(Stored items)
Lemma finite_horizon t s0 :
  (forall sO, valid_strat G sO -> t < reach_prob G T (join sT sO) s0) ->
  exists n, t < guarantee n [::] s0.
Proof.
move=> sT_wins.
have [sO sO_valid sO_greedy] :=
  greedy_opponent wfG (team_at sT) (fun h s => guarantee_lim (rcons h s)).
have reachn_le_lim m h s : reachn G T (join sT sO) m h s <= guarantee_lim h s.
  elim: m h s => [|m IH] h s; have [inT|notT] := boolP (s \in T).
  - by rewrite reachn_T // -(guarantee_T 0 h inT) guarantee_le_lim.
  - by rewrite reachn0 // (le_trans (guarantee_ge0 0 h s)) ?guarantee_le_lim.
  - by rewrite reachn_T // -(guarantee_T 0 h inT) guarantee_le_lim.
  rewrite reachnS (negbTE notT) step_join.
  apply: le_trans (ler_expect (opp_trans_dist sO_valid h s).1 (IH (rcons h s))) _.
  apply/ler_addgt0Pr => e e_gt0.
  have [y y_mixed y_le] := guarantee_lim_step h notT e_gt0.
  exact: le_trans (sO_greedy h s y y_mixed) y_le.
have reach_le : reach_prob G T (join sT sO) s0 <= guarantee_lim [::] s0.
  by apply: reach_prob_le => [h s|n]; [apply: opp_step_dist | apply: reachn_le_lim].
have := lt_le_trans (sT_wins sO sO_valid) reach_le.
by case/(sup_gt (has_sup_guarantee [::] s0).1) => _ [n _ <-]; exists n.
Qed.

End FiniteHorizon.

Section ValueIteration.
Variables (R : realType) (Pi S : finType) (A : option Pi -> finType).
Variables (G : gstruct R S A) (T : {set S}).
Hypothesis wfG : wf_gstruct G.
Variable g : R.
Hypothesis g01 : 0 <= g <= 1.
Local Open Scope classical_set_scope.
Section DenseExtension.
Variables (R : realType) (Y : normedModType R[i]).
Local Notation C := R[i].
Local Open Scope complex_scope.
Variables (I : Type) (P : set I) (pt : I -> Y) (f : I -> C) (K : R).
Hypothesis K_ge0 : 0 <= K.
Hypothesis f_bounded : forall i, P i -> normR (f i) <= K * normR (pt i).
Hypothesis P_sub : forall i j, P i -> P j ->
  exists2 k, P k & pt k = pt i - pt j /\ f k = f i - f j.
Hypothesis P_scale : forall l i, P i ->
  exists2 k, P k & pt k = l *: pt i /\ f k = l * f i.
Hypothesis pt_dense : forall y e, 0 < e -> exists2 i, P i & normR (y - pt i) < e.

Lemma f_lipschitz i j : P i -> P j ->
  normR (f i - f j) <= K * normR (pt i - pt j).
Proof. by move=> Pi Pj; have [k Pk [<- <-]] := P_sub Pi Pj; apply: f_bounded. Qed.

Definition approx (L : R) (y : Y) (z : C) :=
  forall i, P i -> normR (z - f i) <= L * normR (y - pt i).

Lemma approx_unique L1 L2 y z1 z2 : 0 <= L1 -> 0 <= L2 ->
  approx L1 y z1 -> approx L2 y z2 -> z1 = z2.
Proof.
move=> L1_ge0 L2_ge0 yz1 yz2; apply/eqP; rewrite -subr_eq0; apply/eqP.
apply: normR_eq0; apply: le_anti; rewrite normR_ge0 andbT.
apply: (ler_addgt0_scaled (addr_ge0 L1_ge0 L2_ge0)) => e e_gt0.
have [i Pi /ltW yi_le] := pt_dense y e_gt0.
have -> : z1 - z2 = (z1 - f i) - (z2 - f i) by rewrite opprB addrA subrK.
apply: le_trans (normRD _ _) _; rewrite normRN add0r mulrDl.
apply: lerD; [apply: le_trans (yz1 i Pi) _ | apply: le_trans (yz2 i Pi) _];
  exact: ler_wpM2l.
Qed.

Lemma approx_pt i : P i -> approx K (pt i) (f i).
Proof. by move=> Pi j Pj; apply: f_lipschitz. Qed.

Lemma approxD L y1 y2 z1 z2 : 0 <= L ->
  approx L y1 z1 -> approx L y2 z2 -> approx L (y1 + y2) (z1 + z2).
Proof.
move=> L_ge0 yz1 yz2 i Pi; apply: (ler_addgt0_scaled (addr_ge0 L_ge0 L_ge0)).
move=> e e_gt0; have [j Pj /ltW y1j_le] := pt_dense y1 e_gt0.
have [k Pk [ptk fk]] := P_sub Pi Pj.
have -> : z1 + z2 - f i = (z1 - f j) + (z2 - f k).
  by rewrite fk opprB [RHS]addrCA subrKA addrA [z2 + z1]addrC.
have y2k_le : normR (y2 - pt k) <= normR (y1 + y2 - pt i) + normR (y1 - pt j).
  have -> : y2 - pt k = (y1 + y2 - pt i) - (y1 - pt j).
    by rewrite ptk !opprB [RHS]addrC [RHS]addrA subrKA addrA [y2 + _]addrC.
  by rewrite -(normRN (y1 - pt j)) normRD.
apply: le_trans (normRD _ _) _; apply: le_trans (lerD (yz1 j Pj) (yz2 k Pk)) _.
have := ler_wpM2l L_ge0 y1j_le; have := ler_wpM2l L_ge0 y2k_le.
rewrite mulrDr mulrDl; lra.
Qed.

Lemma approxZ L l y z : l != 0 -> approx L y z -> approx L (l *: y) (l * z).
Proof.
move=> l_neq0 yz i Pi; have [k Pk [ptk fk]] := P_scale l^-1 Pi.
have -> : l * z - f i = l * (z - f k) by rewrite fk mulrBr mulrA divff ?mul1r.
have -> : l *: y - pt i = l *: (y - pt k).
  by rewrite ptk scalerBr scalerA divff ?scale1r.
by rewrite normRM normRZ mulrCA ler_wpM2l ?normR_ge0 ?yz.
Qed.

Definition ext (y : Y) : C :=
  mcshane P pt (fun i => complex.Re (f i)) K y +i*
  mcshane P pt (fun i => complex.Im (f i)) K y.

Lemma ext_approx y : approx (K + K) y (ext y).
Proof.
have P_neq0 : (P !=set0)%classic by have [i Pi _] := pt_dense 0 ltr01; exists i.
have ReIm_lip (g : C -> R) : {morph g : x y / x - y} -> (forall w, `|g w| <= normR w) ->
    forall i j, P i -> P j -> g (f i) - g (f j) <= K * normR (pt i - pt j).
  move=> gB g_le i j Pi Pj; rewrite -gB.
  exact: le_trans (ler_norm _) (le_trans (g_le _) (f_lipschitz Pi Pj)).
move=> i Pi; apply: le_trans (normR_le_ReIm _) _; rewrite !raddfB /= mulrDl.
have /andP[] := mcshane_bounds K_ge0 P_neq0 (ReIm_lip _ (raddfB _) (@normR_Re_le _)) y Pi.
have /andP[] := mcshane_bounds K_ge0 P_neq0 (ReIm_lip _ (raddfB _) (@normR_Im_le _)) y Pi.
rewrite /ext; set a := mcshane _ _ _ _ y; set b := mcshane _ _ _ _ y => /= *.
by apply: lerD; rewrite ler_norml; apply/andP; split; lra.
Qed.

Let KK_ge0 : 0 <= K + K := addr_ge0 K_ge0 K_ge0.

Lemma ext_pt i : P i -> ext (pt i) = f i.
Proof. by move=> Pi; apply: approx_unique KK_ge0 K_ge0 (ext_approx _) (approx_pt Pi). Qed.

Lemma extD y1 y2 : ext (y1 + y2) = ext y1 + ext y2.
Proof.
apply: approx_unique KK_ge0 KK_ge0 (ext_approx _) _.
exact: approxD KK_ge0 (ext_approx y1) (ext_approx y2).
Qed.

Lemma extZ l y : ext (l *: y) = l * ext y.
Proof.
have [->|l_neq0] := eqVneq l 0; last first.
  exact: approx_unique KK_ge0 KK_ge0 (ext_approx _) (approxZ l_neq0 (ext_approx y)).
rewrite scale0r mul0r; apply: approx_unique KK_ge0 K_ge0 (ext_approx _) _.
by move=> i Pi; rewrite !sub0r !normRN f_bounded.
Qed.

Lemma ext_bounded K' : 0 <= K' ->
  (forall i, P i -> normR (f i) <= K' * normR (pt i)) ->
  forall y, normR (ext y) <= K' * normR y.
Proof.
move=> K'_ge0 fK' y; apply: (ler_addgt0_scaled (addr_ge0 KK_ge0 K'_ge0)).
move=> e e_gt0; have [i Pi /ltW yi_le] := pt_dense y e_gt0.
have ext_le : normR (ext y) <= normR (ext y - f i) + normR (f i).
  by rewrite -{1}(subrK (f i) (ext y)) normRD.
have pt_le : normR (pt i) <= normR y + normR (y - pt i).
  have := normRD y (- (y - pt i)).
  by rewrite opprB (addrC y) subrK [normR (pt i - y)]distRC.
have := ext_approx y Pi; have := fK' i Pi.
have := ler_wpM2l K'_ge0 pt_le; have := ler_wpM2l K'_ge0 yi_le.
have := ler_wpM2l KK_ge0 yi_le; rewrite !mulrDr !mulrDl; lra.
Qed.

Lemma ext_unique (psi : Y -> C) (L : R) :
  (forall x y, psi (x + y) = psi x + psi y) ->
  (forall y, normR (psi y) <= L * normR y) ->
  (forall i, P i -> psi (pt i) = f i) -> psi = ext.
Proof.
move=> psiD psiL psi_pt; apply: boolp.funext => y.
have psiB x1 x2 : psi (x1 - x2) = psi x1 - psi x2.
  by apply/eqP; rewrite eq_sym subr_eq -psiD subrK.
have L'_ge0 : 0 <= Num.max L 0 by rewrite le_max lexx orbT.
apply: approx_unique L'_ge0 KK_ge0 _ (ext_approx y) => i Pi.
rewrite -psi_pt // -psiB; apply: le_trans (psiL _) _.
by rewrite ler_wpM2r ?normR_ge0 // le_max lexx.
Qed.

End DenseExtension.

Section Completion.
Variables (R : realType) (Y : completeNormedModType R[i]).
Variable iota : (nat -> R[i]) -> Y.
Hypothesis iotaP : is_completion iota.
Local Notation C := R[i].
Implicit Types (c d : nat -> C) (alpha : nat -> C) (phi : Y -> C).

- What to work on
Only the lines with the string "Section" are wanted; pick them out of the records above and copy them.

- Problem solution
Section ValueIteration.
Section DenseExtension.
Section Completion.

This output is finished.